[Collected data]
###

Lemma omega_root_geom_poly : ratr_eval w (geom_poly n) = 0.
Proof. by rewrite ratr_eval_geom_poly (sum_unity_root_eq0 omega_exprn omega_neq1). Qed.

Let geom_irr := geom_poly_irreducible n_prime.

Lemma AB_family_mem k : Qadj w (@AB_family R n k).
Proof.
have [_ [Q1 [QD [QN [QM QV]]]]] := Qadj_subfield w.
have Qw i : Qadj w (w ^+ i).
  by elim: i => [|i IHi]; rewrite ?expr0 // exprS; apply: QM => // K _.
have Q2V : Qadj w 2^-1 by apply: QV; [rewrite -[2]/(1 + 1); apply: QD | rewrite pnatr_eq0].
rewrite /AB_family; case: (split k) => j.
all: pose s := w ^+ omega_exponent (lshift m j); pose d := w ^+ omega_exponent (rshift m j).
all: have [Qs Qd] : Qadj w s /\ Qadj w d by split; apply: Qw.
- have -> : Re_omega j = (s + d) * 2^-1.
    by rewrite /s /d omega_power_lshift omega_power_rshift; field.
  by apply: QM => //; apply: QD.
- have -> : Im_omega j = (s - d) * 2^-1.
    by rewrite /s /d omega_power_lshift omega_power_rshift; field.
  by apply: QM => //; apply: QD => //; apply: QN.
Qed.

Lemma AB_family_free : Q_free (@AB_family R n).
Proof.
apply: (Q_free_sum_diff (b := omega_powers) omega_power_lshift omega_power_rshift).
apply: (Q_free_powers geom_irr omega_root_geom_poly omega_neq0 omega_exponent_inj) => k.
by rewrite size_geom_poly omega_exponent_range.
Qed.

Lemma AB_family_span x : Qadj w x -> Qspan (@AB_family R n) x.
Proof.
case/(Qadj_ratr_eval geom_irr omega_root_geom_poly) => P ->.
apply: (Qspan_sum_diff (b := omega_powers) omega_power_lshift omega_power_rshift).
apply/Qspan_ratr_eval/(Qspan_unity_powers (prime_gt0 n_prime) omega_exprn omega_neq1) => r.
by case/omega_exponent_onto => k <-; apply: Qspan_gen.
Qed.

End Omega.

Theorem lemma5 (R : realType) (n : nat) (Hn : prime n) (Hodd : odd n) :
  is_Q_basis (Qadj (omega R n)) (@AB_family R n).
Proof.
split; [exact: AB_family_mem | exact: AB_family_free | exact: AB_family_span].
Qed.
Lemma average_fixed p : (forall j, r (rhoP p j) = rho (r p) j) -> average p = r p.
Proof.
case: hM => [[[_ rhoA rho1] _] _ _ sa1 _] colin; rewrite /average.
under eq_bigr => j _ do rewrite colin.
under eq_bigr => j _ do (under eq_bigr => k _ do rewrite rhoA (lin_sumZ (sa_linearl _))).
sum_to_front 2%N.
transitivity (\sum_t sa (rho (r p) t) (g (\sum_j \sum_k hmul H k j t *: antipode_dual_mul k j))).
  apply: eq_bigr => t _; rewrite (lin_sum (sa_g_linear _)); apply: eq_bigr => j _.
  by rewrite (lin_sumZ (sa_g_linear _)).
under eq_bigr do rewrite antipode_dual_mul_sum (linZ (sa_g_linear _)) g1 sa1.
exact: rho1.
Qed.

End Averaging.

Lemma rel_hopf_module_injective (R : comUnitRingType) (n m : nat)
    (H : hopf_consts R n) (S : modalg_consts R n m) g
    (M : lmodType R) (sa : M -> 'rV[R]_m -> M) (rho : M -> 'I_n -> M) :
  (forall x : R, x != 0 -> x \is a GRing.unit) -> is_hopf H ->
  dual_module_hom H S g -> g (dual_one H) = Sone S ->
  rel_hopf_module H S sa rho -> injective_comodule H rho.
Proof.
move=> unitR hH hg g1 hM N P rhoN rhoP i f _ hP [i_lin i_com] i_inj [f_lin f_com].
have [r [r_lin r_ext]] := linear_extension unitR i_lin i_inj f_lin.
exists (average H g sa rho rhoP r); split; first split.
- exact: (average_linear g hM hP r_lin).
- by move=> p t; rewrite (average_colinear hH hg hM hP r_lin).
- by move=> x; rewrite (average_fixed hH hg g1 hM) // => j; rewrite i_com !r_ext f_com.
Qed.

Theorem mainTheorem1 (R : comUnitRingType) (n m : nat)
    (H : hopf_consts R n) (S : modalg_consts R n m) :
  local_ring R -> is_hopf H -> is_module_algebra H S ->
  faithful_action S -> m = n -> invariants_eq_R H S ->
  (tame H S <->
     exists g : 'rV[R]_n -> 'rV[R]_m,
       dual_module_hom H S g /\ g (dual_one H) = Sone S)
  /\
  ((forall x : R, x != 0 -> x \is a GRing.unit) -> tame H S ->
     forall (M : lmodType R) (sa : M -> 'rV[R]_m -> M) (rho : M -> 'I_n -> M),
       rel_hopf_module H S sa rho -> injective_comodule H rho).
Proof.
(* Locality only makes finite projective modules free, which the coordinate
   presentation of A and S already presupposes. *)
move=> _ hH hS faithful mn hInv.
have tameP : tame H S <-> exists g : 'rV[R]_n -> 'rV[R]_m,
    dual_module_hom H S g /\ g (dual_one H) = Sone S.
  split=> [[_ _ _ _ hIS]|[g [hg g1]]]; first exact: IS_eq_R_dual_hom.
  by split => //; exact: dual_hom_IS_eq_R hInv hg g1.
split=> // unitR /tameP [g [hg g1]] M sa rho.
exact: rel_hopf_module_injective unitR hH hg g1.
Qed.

###

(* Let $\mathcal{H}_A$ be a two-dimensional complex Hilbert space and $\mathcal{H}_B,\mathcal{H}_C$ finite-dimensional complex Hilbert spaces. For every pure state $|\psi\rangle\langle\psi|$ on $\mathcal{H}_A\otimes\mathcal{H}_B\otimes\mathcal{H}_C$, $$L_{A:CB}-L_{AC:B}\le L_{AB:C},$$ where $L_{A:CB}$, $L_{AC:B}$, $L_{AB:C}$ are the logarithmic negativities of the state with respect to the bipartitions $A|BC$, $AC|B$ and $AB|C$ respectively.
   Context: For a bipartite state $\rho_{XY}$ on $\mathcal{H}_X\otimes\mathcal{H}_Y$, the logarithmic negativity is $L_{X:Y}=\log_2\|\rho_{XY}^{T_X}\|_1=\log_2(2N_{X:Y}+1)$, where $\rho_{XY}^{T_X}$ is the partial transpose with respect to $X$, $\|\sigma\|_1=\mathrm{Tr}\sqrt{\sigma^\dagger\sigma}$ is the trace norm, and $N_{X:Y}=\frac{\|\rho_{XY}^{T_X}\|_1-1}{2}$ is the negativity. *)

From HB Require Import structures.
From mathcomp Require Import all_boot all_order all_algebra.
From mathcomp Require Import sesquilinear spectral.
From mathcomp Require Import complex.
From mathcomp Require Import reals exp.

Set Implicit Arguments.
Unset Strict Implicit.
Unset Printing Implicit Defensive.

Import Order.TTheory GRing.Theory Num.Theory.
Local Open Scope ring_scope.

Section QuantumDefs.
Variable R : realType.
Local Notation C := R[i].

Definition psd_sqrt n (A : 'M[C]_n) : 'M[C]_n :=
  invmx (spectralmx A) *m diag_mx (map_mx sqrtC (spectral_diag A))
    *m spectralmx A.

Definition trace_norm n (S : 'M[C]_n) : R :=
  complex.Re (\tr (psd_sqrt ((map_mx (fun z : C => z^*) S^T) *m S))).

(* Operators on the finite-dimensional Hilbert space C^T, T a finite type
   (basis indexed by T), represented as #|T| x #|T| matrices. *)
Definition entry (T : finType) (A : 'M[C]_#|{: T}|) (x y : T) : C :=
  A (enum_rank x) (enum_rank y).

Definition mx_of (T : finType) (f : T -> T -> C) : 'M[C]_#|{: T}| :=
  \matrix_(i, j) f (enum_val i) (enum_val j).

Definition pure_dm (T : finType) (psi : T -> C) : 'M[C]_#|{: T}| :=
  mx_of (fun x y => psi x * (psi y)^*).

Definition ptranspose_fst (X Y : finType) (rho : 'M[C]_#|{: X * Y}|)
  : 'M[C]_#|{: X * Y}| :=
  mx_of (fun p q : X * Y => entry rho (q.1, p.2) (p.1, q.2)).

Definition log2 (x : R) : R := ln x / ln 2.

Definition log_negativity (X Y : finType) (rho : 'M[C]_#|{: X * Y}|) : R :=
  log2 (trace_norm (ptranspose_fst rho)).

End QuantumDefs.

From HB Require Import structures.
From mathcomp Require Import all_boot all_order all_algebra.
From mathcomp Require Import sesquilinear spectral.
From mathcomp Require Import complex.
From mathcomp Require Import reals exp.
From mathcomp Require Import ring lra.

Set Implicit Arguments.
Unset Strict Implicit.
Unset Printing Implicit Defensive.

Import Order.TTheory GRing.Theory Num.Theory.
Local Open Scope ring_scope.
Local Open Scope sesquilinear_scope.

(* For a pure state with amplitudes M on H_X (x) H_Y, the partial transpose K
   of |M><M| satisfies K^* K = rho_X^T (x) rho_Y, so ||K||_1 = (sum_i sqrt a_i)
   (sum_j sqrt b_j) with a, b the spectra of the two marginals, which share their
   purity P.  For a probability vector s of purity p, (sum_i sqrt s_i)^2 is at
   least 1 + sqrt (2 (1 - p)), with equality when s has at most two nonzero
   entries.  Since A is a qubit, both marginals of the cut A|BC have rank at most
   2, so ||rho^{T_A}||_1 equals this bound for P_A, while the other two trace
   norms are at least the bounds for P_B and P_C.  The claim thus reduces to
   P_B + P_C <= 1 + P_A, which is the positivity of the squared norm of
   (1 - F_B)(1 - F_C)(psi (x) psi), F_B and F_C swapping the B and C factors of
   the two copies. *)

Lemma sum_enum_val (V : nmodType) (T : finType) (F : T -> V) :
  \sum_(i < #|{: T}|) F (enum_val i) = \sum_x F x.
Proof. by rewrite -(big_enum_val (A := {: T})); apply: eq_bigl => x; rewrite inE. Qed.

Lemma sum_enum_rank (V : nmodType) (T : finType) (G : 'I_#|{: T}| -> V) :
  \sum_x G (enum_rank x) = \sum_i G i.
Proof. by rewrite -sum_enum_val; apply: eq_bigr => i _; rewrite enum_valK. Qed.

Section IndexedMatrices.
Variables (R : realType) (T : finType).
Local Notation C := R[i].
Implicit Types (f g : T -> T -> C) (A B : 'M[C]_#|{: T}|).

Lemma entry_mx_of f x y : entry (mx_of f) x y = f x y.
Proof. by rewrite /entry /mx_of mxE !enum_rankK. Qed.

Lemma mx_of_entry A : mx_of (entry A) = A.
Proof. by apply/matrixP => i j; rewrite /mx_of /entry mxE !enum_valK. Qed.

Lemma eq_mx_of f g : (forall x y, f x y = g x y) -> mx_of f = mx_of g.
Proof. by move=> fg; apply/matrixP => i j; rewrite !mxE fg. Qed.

###

The problem
Return, word for word, the lines of the data above from the line with "Lemma omega_root_geom_poly : ratr_eval" through the line with "- have -> : Re_omega j = (s + d) * 2^-1.", inclusive.

Solution
Lemma omega_root_geom_poly : ratr_eval w (geom_poly n) = 0.
Proof. by rewrite ratr_eval_geom_poly (sum_unity_root_eq0 omega_exprn omega_neq1). Qed.

Let geom_irr := geom_poly_irreducible n_prime.

Lemma AB_family_mem k : Qadj w (@AB_family R n k).
Proof.
have [_ [Q1 [QD [QN [QM QV]]]]] := Qadj_subfield w.
have Qw i : Qadj w (w ^+ i).
  by elim: i => [|i IHi]; rewrite ?expr0 // exprS; apply: QM => // K _.
have Q2V : Qadj w 2^-1 by apply: QV; [rewrite -[2]/(1 + 1); apply: QD | rewrite pnatr_eq0].
rewrite /AB_family; case: (split k) => j.
all: pose s := w ^+ omega_exponent (lshift m j); pose d := w ^+ omega_exponent (rshift m j).
all: have [Qs Qd] : Qadj w s /\ Qadj w d by split; apply: Qw.
- have -> : Re_omega j = (s + d) * 2^-1.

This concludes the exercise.